* _What is required_
Among the records below, find the lines that contain "letters" and copy each of them.
--- Data extract Enclosed Below ---
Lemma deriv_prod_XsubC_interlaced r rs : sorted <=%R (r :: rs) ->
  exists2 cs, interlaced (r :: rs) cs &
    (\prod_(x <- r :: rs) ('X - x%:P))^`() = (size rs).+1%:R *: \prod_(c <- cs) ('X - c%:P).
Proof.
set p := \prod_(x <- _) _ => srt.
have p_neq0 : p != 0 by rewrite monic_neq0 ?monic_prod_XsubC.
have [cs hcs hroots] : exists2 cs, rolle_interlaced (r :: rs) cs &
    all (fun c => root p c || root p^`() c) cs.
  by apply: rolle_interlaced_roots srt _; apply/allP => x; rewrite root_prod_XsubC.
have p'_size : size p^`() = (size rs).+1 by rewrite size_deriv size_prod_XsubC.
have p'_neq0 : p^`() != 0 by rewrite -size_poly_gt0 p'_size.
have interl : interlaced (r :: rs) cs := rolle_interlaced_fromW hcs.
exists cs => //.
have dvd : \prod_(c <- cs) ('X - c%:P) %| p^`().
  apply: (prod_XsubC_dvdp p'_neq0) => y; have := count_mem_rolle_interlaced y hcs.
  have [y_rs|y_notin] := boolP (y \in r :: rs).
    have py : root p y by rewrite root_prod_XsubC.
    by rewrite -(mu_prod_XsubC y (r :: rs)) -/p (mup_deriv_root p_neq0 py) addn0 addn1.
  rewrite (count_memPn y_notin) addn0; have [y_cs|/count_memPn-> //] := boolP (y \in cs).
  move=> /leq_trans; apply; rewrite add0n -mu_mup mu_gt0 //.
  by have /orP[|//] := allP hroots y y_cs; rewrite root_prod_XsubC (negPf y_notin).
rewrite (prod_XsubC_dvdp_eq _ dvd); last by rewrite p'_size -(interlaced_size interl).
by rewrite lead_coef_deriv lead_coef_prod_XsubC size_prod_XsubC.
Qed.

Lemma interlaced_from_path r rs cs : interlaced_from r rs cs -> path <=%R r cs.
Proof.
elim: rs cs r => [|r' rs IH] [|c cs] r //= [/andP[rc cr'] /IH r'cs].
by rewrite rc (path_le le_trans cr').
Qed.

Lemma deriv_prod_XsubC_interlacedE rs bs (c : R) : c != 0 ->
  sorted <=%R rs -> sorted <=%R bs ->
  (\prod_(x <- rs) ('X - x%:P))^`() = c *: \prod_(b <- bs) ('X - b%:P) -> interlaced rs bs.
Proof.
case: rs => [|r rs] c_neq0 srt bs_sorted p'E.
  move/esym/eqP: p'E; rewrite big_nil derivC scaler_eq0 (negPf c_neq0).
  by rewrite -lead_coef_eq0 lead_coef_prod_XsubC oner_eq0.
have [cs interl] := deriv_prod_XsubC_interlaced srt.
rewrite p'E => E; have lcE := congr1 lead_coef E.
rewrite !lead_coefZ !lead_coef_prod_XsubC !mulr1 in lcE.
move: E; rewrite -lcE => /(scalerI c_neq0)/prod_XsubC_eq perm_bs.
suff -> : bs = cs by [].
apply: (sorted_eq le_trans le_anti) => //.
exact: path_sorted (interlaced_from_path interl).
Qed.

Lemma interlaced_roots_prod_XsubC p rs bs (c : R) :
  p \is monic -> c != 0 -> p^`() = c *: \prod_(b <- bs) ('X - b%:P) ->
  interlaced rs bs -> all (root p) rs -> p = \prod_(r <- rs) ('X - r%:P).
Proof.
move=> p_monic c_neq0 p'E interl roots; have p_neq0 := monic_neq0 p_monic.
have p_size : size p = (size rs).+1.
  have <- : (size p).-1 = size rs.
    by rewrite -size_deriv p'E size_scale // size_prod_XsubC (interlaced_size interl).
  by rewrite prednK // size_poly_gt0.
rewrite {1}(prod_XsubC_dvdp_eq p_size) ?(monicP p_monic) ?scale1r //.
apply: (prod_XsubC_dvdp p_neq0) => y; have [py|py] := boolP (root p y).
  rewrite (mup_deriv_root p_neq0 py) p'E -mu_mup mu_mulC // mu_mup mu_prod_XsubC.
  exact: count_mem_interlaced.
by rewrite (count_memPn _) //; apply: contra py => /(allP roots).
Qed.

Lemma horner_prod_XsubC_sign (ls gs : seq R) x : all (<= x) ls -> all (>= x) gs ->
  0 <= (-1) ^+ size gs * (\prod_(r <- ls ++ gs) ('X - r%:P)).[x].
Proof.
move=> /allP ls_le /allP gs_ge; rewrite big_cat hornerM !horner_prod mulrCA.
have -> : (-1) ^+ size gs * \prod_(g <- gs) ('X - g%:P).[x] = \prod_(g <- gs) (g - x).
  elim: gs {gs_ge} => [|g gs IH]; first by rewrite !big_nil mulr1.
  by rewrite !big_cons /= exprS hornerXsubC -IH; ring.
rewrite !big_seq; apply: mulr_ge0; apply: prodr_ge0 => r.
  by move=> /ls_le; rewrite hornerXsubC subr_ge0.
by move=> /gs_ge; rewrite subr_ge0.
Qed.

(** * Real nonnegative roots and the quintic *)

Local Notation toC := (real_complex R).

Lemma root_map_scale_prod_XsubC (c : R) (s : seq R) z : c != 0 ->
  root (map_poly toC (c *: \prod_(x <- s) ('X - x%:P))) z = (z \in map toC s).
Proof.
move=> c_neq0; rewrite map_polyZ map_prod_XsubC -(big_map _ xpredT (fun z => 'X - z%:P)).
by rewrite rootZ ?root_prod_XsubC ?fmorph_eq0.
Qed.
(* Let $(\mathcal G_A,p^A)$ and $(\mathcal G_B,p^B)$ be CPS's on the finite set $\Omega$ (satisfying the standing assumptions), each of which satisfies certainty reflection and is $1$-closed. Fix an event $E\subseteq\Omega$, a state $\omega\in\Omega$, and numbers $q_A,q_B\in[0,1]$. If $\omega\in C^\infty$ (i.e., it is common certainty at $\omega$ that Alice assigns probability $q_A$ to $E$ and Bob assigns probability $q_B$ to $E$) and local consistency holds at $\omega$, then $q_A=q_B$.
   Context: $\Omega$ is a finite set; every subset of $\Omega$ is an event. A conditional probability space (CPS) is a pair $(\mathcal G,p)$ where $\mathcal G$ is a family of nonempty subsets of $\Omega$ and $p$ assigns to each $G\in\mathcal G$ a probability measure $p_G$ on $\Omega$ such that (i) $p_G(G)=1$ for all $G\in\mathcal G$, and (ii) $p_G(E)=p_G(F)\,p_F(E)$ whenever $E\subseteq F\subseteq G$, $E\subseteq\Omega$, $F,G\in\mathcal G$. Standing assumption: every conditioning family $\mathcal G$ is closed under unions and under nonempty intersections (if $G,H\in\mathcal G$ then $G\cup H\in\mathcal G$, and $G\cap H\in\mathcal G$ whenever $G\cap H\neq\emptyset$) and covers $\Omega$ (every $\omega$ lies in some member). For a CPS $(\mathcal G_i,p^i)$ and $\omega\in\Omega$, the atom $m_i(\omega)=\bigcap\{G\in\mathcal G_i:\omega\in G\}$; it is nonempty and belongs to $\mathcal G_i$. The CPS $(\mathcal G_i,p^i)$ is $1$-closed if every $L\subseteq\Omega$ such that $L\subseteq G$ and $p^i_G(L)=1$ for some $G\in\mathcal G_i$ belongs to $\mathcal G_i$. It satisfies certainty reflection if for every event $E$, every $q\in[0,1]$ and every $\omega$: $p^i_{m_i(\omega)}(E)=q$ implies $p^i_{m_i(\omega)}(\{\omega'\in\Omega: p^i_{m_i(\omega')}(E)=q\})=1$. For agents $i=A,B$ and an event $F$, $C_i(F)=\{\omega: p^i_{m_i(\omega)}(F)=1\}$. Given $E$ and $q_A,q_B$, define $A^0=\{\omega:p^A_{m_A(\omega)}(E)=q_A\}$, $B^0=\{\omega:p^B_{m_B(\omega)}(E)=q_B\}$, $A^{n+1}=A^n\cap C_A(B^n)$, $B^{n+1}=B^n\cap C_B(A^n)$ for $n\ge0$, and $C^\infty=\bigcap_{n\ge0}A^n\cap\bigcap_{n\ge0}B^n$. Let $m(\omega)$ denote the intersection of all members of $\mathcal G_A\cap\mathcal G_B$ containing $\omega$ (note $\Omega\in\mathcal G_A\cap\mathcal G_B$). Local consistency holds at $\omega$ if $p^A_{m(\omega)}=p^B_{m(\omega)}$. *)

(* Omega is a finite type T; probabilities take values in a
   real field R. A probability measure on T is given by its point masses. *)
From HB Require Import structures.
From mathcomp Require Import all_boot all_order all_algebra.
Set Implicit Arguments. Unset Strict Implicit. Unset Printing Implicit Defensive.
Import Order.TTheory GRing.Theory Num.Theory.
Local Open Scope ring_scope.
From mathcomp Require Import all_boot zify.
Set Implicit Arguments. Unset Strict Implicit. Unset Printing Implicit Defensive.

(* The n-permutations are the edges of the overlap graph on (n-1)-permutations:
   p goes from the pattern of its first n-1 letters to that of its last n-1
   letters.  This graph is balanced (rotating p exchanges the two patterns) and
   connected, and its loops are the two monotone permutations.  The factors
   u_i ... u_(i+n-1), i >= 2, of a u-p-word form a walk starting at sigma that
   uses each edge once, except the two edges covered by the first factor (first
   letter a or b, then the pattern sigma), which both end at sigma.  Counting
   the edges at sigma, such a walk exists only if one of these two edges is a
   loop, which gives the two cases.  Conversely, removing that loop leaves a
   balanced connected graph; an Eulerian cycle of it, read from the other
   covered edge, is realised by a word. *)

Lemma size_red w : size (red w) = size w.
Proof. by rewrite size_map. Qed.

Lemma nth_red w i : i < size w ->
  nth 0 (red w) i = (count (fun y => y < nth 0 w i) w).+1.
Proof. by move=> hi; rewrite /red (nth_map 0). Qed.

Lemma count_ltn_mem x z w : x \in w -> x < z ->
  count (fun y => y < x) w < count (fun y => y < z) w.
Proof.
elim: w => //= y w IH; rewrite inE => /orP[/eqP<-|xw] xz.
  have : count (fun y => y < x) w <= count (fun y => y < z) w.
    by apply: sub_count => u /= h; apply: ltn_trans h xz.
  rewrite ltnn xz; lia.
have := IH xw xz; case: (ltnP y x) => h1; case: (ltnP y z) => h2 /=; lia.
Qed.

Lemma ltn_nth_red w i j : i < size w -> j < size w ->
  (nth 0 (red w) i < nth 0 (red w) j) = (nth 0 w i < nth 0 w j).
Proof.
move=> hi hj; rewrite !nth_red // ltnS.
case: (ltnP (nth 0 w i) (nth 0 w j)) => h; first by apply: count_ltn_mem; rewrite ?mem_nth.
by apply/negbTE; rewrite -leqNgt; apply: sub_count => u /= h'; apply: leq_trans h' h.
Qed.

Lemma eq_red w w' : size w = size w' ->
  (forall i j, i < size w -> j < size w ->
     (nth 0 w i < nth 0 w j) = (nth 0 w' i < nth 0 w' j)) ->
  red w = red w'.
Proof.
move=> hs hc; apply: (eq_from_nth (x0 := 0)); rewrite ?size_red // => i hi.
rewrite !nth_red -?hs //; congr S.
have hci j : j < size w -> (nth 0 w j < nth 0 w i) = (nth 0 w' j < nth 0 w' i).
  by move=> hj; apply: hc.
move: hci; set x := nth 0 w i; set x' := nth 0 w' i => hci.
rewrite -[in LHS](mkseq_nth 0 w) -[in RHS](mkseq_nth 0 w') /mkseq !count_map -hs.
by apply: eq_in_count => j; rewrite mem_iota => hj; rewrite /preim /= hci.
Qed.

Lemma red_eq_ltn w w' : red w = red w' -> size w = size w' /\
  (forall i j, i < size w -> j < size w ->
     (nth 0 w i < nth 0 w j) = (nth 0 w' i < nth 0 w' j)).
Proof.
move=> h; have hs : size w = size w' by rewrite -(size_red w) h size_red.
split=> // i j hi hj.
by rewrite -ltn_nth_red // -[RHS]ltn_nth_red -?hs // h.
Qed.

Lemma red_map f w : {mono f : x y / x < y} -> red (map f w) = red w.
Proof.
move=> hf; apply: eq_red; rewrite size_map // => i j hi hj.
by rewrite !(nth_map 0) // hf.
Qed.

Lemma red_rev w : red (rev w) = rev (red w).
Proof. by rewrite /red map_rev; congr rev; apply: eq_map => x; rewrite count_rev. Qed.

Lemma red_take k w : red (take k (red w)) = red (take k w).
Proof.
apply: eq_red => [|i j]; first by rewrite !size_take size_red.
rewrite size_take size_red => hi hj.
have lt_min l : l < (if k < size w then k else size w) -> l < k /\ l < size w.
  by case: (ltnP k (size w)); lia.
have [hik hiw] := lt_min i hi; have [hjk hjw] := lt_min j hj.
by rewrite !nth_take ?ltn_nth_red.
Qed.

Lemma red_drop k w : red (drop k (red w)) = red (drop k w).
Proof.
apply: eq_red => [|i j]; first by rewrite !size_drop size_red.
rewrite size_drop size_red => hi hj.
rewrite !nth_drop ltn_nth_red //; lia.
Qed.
--- End of Enclosed Data extract ---
* _Answer box_
   p goes from the pattern of its first n-1 letters to that of its last n-1
   letters.  This graph is balanced (rotating p exchanges the two patterns) and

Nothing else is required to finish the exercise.